Task goal: In the records below, count the lines that have "exists" and answer with the number alone.

Stored data entries
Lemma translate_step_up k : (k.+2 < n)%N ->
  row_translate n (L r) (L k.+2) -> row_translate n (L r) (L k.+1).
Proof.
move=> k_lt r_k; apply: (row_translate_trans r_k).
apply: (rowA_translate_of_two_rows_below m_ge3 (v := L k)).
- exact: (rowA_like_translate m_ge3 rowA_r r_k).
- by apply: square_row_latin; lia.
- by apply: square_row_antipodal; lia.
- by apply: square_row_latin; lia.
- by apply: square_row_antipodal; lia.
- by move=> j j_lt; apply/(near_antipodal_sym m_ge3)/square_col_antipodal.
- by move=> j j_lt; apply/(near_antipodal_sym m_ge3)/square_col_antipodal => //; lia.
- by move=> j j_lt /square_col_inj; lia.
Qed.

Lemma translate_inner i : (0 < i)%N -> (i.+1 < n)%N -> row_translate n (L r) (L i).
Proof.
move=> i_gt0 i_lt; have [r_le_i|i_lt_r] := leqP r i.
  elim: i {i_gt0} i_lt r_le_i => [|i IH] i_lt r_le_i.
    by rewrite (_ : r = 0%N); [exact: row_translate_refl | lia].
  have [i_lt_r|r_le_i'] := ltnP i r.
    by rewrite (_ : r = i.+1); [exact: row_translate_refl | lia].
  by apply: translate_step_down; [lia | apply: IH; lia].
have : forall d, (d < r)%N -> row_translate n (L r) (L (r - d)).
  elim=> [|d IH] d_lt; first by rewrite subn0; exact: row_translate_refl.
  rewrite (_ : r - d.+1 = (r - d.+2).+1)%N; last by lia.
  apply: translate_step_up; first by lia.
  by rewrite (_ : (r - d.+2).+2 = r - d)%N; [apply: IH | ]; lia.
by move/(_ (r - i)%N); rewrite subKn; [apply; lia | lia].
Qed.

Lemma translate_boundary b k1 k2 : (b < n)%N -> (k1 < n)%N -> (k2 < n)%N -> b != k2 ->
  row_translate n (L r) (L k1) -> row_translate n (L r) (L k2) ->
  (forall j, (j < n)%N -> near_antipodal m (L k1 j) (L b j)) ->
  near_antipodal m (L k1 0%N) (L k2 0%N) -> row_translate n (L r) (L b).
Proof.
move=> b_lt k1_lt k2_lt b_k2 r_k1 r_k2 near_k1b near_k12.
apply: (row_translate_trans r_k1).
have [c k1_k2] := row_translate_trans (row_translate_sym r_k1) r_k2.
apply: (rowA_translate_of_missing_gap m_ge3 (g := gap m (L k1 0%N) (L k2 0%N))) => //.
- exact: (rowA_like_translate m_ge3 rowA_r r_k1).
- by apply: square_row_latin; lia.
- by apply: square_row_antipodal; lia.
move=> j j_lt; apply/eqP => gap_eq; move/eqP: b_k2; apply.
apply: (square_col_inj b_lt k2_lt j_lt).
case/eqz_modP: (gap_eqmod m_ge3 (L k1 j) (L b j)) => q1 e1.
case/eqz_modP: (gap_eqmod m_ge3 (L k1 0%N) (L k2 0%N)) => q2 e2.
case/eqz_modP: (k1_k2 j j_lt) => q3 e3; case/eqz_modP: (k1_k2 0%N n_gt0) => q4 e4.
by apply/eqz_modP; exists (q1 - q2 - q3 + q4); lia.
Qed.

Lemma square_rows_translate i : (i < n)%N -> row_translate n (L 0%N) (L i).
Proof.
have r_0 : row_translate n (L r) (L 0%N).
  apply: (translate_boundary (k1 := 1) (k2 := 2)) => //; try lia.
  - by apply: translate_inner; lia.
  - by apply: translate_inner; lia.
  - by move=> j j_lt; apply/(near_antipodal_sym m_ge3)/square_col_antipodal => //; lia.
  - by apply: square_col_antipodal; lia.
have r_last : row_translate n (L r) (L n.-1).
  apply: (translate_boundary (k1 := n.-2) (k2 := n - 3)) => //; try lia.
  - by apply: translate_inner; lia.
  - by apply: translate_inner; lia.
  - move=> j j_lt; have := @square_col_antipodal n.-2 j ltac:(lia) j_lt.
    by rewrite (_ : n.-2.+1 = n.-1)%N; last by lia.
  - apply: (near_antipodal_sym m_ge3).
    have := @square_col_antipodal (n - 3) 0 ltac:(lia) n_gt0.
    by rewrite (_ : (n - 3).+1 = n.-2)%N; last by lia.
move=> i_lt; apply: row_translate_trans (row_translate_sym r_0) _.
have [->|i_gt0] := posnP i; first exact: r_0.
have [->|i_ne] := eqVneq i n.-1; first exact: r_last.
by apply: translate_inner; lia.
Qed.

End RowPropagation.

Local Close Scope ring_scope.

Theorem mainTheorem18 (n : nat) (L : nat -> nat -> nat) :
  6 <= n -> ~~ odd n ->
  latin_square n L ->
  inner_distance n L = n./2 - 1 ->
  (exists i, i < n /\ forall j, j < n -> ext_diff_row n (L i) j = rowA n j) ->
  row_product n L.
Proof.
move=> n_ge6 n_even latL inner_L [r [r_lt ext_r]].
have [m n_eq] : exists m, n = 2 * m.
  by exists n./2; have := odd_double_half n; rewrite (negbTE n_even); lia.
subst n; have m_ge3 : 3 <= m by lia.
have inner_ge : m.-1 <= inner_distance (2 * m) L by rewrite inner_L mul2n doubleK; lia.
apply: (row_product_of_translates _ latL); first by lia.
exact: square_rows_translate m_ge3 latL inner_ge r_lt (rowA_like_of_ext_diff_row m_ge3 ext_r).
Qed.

Exercise result: 4